Direito do Trabalho

A preservação da dignidade humana frente à alienação em decorrência do trabalho – uma reflexão em face aos novos paradigmas econômicos e da sociedade

 

Segundo Karl Marx o homem se relaciona com o trabalho por mera necessidade e imposição, em vista da concentração da propriedade privada nas mãos de poucos.

Com a produção industrial, ele passa alienar-se por completo do processo e do próprio objeto que produz. A força de trabalho se transforma no seu bem e como tal o negocia a fim de garantir a subsistência.

Diferente dos artesões que detinham o conhecimento dominavam o processo e as ferramentas e com isto concebiam o objeto e dele disponham de acordo com a vontade, o operário é apenas uma pequena parte do todo e via de regra sequer participa ou compreende as fases do processo. O homem não vê ou sente realização no trabalho, ele apenas o faz porque assim é necessário ou determinado.

As reações ou ações naturais, que se assemelham aos institutos animais, são as coisas que lhe garantem satisfação, posto que somente fora do trabalho que ele volta a ter noção ou impressão da felicidade.

O trabalhador serve ao dono dos meios de produção, o qual não participa do processo, porém colhe todos os seus frutos. É a dependência do homem para com outro homem, sendo certo que quanto mais produz, menos ganha e assim se diminui até mesmo na sua individualidade.

As fontes propulsoras dessa Economia Política são “a avareza e a guerra entre os gananciosos, a competição.”

Assim sendo, no Manifesto Marx conclui que : “ O que constitui a alienação do trabalho? Primeiramente, ser o trabalho externo ao trabalhador, não fazer parte de sua natureza, e por conseguinte, ele não se realizar em seu trabalho mas negar a si mesmo, ter um sentimento de sofrimento em vez de bem-estar, não desenvolver livremente suas energias mentais e físicas mas ficar fisicamente exausto e mentalmente deprimido.”

A Alienação, segundo Basbaum, é “ uma forma de relação entre os homens e, ao mesmo tempo, entre os homens e determinados objetos ou coisas que lhe são exteriores.”.

Por óbvio que na visão capitalista, o lucro ocupa especial espaço e assim é o fator de busca das empresas, muitas vezes a qualquer preço ou custo, levando assim a potencialização da chamada alienação, já que em que pese a essência do trabalho apontar que é um processo de criação de valores, mediante transformação ou utilização do meio, há um esvaziamento pela falta de equilíbrio.

Quando se dá essa crescente prática, acentuada pela industrialização e seus avanços, onde cada vez mais o homem operário se dedica a partes de um processo e assim se aliena do próprio todo ou produto, surge ou se agrava o que muitos autores chamam de sofrimento do trabalhador, na medida em que o trabalho torna-se um meio de subsistência e assim, por dele depender, o homem deixa suas escolhas e o próprio arbítrio relegados a um plano bem distante.

“A certeza de que o nível atingido de insatisfação não pode mais diminuir marca o começo do sofrimento.” (Dejours)

Certamente que tais abstinências, por vezes da própria alegria e realização levam a reflexos e impactos físicos e psíquicos que se manifestam ao longo do tempo e não imediatamente após o fato, como nas hipóteses de trauma.
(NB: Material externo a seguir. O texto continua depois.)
Lemma sat_forall_closure (M : algebra L) (V : finType) (q : qff L V) :
  sat (forall_closure q) (no_var M) <-> forall v : V -> M, satq v q.
Proof.
rewrite sat_close_all; split=> [qM v|qM u]; last by rewrite sat_fo_of_qff satq_subst.
have := qM (fun o => v (enum_val (ord_of_optn o))); rewrite sat_fo_of_qff satq_subst /=.
by congr satq; apply: funext => x; rewrite optn_of_ordK enum_rankK.
Qed.

End UniversalClosure.

Section Conservativity.
Variables (L : signature) (K : algebra L -> Prop).

Lemma ThD_conseq_hom (A B : algebra L) n m (a : 'I_n -> B) (b : 'I_m -> B) rho chi (g : B -> A) :
  ThD_conseq K a b rho chi -> K A -> hom g ->
  sat_neqs (fun k => g (tup2 a b k)) rho -> satq (fun i => g (a i)) chi.
Proof.
move=> chiD KA hg; apply: chiD => [phi|s t st]; first exact.
have g_eval u : eval g u = g (eval id u) by apply: (eval_hom id u hg).
by rewrite !g_eval st.
Qed.

Lemma ThD_conseq_of_valid (B : algebra L) n m (a : 'I_n -> B) (b : 'I_m -> B) pi rho chi :
  (forall A, K A -> forall v : _ -> A,
     sat_lits v (lits_of_eqs pi rho) -> satq (fun i => v (inl i)) chi) ->
  sat_eqs (tup2 a b) pi -> ThD_conseq K a b rho chi.
Proof.
move=> chi_valid ab_pi M g MK gD g_rho.
pose psi_chi := QImp (qff_of_lits (lits_of_eqs pi rho)) (qsubst (fun i => Var L (inl i)) chi).
have /sat_forall_closure/(_ (fun k => g (tup2 a b k))) : sat (forall_closure psi_chi) (no_var M).
  apply: MK => A KA; apply/sat_forall_closure => v /=.
  by rewrite satq_qff_of_lits satq_subst; apply: chi_valid.
rewrite /= satq_qff_of_lits satq_subst; apply; apply/sat_lits_split.
by rewrite pos_part_lits_of_eqs neg_part_lits_of_eqs; split=> //; apply: sat_posdiag_eqs.
Qed.

Lemma valid_of_ThD_conseq (B : algebra L) n m m' (a : 'I_n -> B) (b : 'I_m -> B)
    (b' : 'I_m' -> B) s psi chi :
  fin_pres K (tup2 a b) (pos_part psi) -> (forall x, eval (tup2 a b') (s x) = tup2 a b x) ->
  ThD_conseq K a b' (map (substp s) (neg_part psi)) chi ->
  forall A, K A -> forall v : _ -> A, sat_lits v psi -> satq (fun i => v (inl i)) chi.
Proof.
move=> abP ab's chiD A KA v /sat_lits_split [vP vN].
have [g [hg gv]] := fin_pres_hom abP KA vP.
have gab' x : eval (fun k => g (tup2 a b' k)) (s x) = v x by rewrite eval_hom // ab's gv.
have := ThD_conseq_hom chiD KA hg; rewrite sat_neqs_subst (funext gab') => /(_ vN).
by have -> : (fun i => g (a i)) = (fun i => v (inl i)) by apply: funext => i; apply: (gv (inl i)).
Qed.
Lemma eps_solution_concat n (f : vec n -> vec n) eps (x dx z dz : R -> vec n) t :
  (forall u, 0 <= u -> forall i, deriv_nonneg (fun s => x s i) u (dx u i)) ->
  (forall u, 0 <= u -> vnorm (fun i => f (x u) i - dx u i) <= eps) ->
  (forall u, 0 <= u -> forall i, deriv_nonneg (fun s => z s i) u (dz u i)) ->
  (forall u, 0 <= u -> vnorm (fun i => f (z u) i - dz u i) <= eps) ->
  0 < t -> z 0 = x t -> dx t = dz 0 ->
  exists w, eps_solution f eps w /\ w 0 = x 0 /\ forall u, t <= u -> w u = z (u - t).
Proof.
  intros Dx Bx Dz Bz Ht Hz Ha.
  set (w := piecewise t x (fun u => z (u - t))).
  set (dw := piecewise t dx (fun u => dz (u - t))).
  assert (W1 : forall s, s <= t -> w s = x s /\ dw s = dx s).
  { intros s Hs. unfold w, dw. now rewrite !piecewise_le. }
  assert (W2 : forall s, t <= s -> w s = z (s - t) /\ dw s = dz (s - t)).
  { intros s Hs. unfold w, dw. destruct (Req_dec s t) as [->|Hne].
    - rewrite !piecewise_le, Rminus_diag by lra. auto.
    - rewrite !piecewise_gt by lra. auto. }
  exists w. split; [exists dw; split|split].
  - intros u Hu i.
    apply (deriv_within_concat 0 t (fun s => w s i) (fun s => dw s i)); auto; intros v Hv.
    + apply deriv_within_piece with x dx; [intros; apply W1; lra|auto|].
      apply deriv_within_mono with (fun s => 0 <= s); [intros; lra|]. apply Dx. lra.
    + apply deriv_within_piece with (fun s => z (s - t)) (fun s => dz (s - t));
        [intros; apply W2; lra|auto|].
      apply deriv_within_mono with (fun s => 0 <= s - t); [intros; lra|].
      apply (deriv_within_shift (fun s => 0 <= s) (fun s => z s i)). apply Dz. lra.
  - intros u Hu. destruct (Rle_or_lt u t) as [H|H].
    + destruct (W1 u H) as [-> ->]. apply Bx. lra.
    + destruct (W2 u (Rlt_le _ _ H)) as [-> ->]. apply Bz. lra.
  - apply W1. lra.
  - intros u Hu. apply W2. auto.
Qed.

Lemma smooth_lipschitz_small_ball n (f : vec n -> vec n) (p : vec n) e : smooth f -> 0 < e ->
  exists r L, 0 < r /\ 0 <= L /\ L * r <= e /\ forall u v,
    vnorm (fun i => u i - p i) <= r -> vnorm (fun i => v i - p i) <= r ->
    vnorm (fun j => f u j - f v j) <= L * vnorm (fun i => u i - v i).
Proof.
  intros Hf He. destruct (smooth_locally_lipschitz n f p Hf) as [r0 [L [Hr0 [HL Lip]]]].
  pose proof (Rmin_l r0 (e / (L + 1))). pose proof (Rmin_r r0 (e / (L + 1))).
  exists (Rmin r0 (e / (L + 1))), L. repeat split; auto.
  - apply Rmin_pos; auto. apply Rdiv_lt_0_compat; lra.
  - apply Rle_trans with (L * (e / (L + 1))); [apply Rmult_le_compat_l; auto|].
    replace (L * (e / (L + 1))) with (e - e / (L + 1)) by (field; lra).
    assert (0 < e / (L + 1)) by (apply Rdiv_lt_0_compat; lra). lra.
  - intros u v Hu Hv. apply Lip; lra.
Qed.

Lemma junction_scale n (x dx z dz : R -> vec n) t s r e :
  0 < t -> 0 < s -> 0 < r -> 0 < e -> z 0 = x t ->
  (forall i, deriv_nonneg (fun s => x s i) t (dx t i)) ->
  (forall i, deriv_nonneg (fun s => z s i) 0 (dz 0 i)) ->
  exists d, 0 < d < t /\ d <= s /\
    (forall c, t - d <= c <= t -> vnorm (fun i => x c i - x t i) <= r) /\
    (forall c, 0 <= c <= d -> vnorm (fun i => z c i - x t i) <= r) /\
    vnorm (fun i => (z d i - x (t - d) i) / (2 * d) - (dx t i + dz 0 i) / 2) <= e.
Proof.
  intros Ht Hs Hr He Hz Dx Dz.
  destruct (vec_near_of_deriv_within n (fun s => 0 <= s) x (dx t) t Dx r Hr) as [eA [HeA PA]].
  destruct (vec_near_of_deriv_within n (fun s => 0 <= s) z (dz 0) 0 Dz r Hr) as [eB [HeB PB]].
  destruct (chord_slope_near n x dx z dz t e) as [eC [HeC PC]]; auto.
  set (d := Rmin (Rmin eA eB) (Rmin eC (Rmin t s)) / 2).
  assert (Hd : 0 < d) by (unfold d; apply Rdiv_lt_0_compat; [repeat apply Rmin_pos; auto|lra]).
  assert (d < eA /\ d < eB /\ d < eC /\ d < t /\ d <= s).
  { unfold d. pose proof (Rmin_l (Rmin eA eB) (Rmin eC (Rmin t s))).
    pose proof (Rmin_r (Rmin eA eB) (Rmin eC (Rmin t s))).
    pose proof (Rmin_l eA eB). pose proof (Rmin_r eA eB).
    pose proof (Rmin_l eC (Rmin t s)). pose proof (Rmin_r eC (Rmin t s)).
    pose proof (Rmin_l t s). pose proof (Rmin_r t s). lra. }
  exists d. repeat split; try lra.
  - intros c Hc. replace c with (t + (c - t)) by ring.
    apply PA; [lra|rewrite Rabs_left1; lra].
  - intros c Hc. rewrite <- Hz. replace c with (0 + c) by ring.
    apply PB; [lra|rewrite Rabs_pos_eq; lra].
  - apply PC. lra.
Qed.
Os reflexos advêm de situações reiteradas e acumuladas que somatizam e agem contrariamente ao bem estar do indivíduo.

Índices e estatísticas mostram que de 40 a 45% dos trabalhadores sofrem dos chamados transtornos mentais (Ministério da Saúde) e no Brasil, segundo o INSS, em 2006, o custo com auxílio doença para quem sofria desse tipo de transtorno e males relacionados ao estresse, foi de R$90 milhões!!

Algo de fato fugiu dos trilhos e precisa ser corrigido ou ao menos se tentar alternativas que minimizem esse impacto profundo gerado no individuo em decorrência do sofrimento experimentando na relação de trabalho.

No modelo atual de gestão, ao menos das empresas sérias e comprometidas com o chamado colaborador, há um traço de preocupação bastante grande com a chamada motivação e o próprio bem estar dos empregados (não é presente a forma clássica de subordinação vertical nem tampouco a dependência da propriedade privada, no conceito de Marx), percepção esta advinda da retomada da importância do individual e da sua contribuição para o todo, afinal não há repetição de seres humanos, cada sistema vivo é marcado por uma concorrência de fatores, experiências e carga genética única e quem melhor respeitar ou valorizar essas diferenças, sem dúvida alguma chegará muito próximo do ideal em termos de gestão.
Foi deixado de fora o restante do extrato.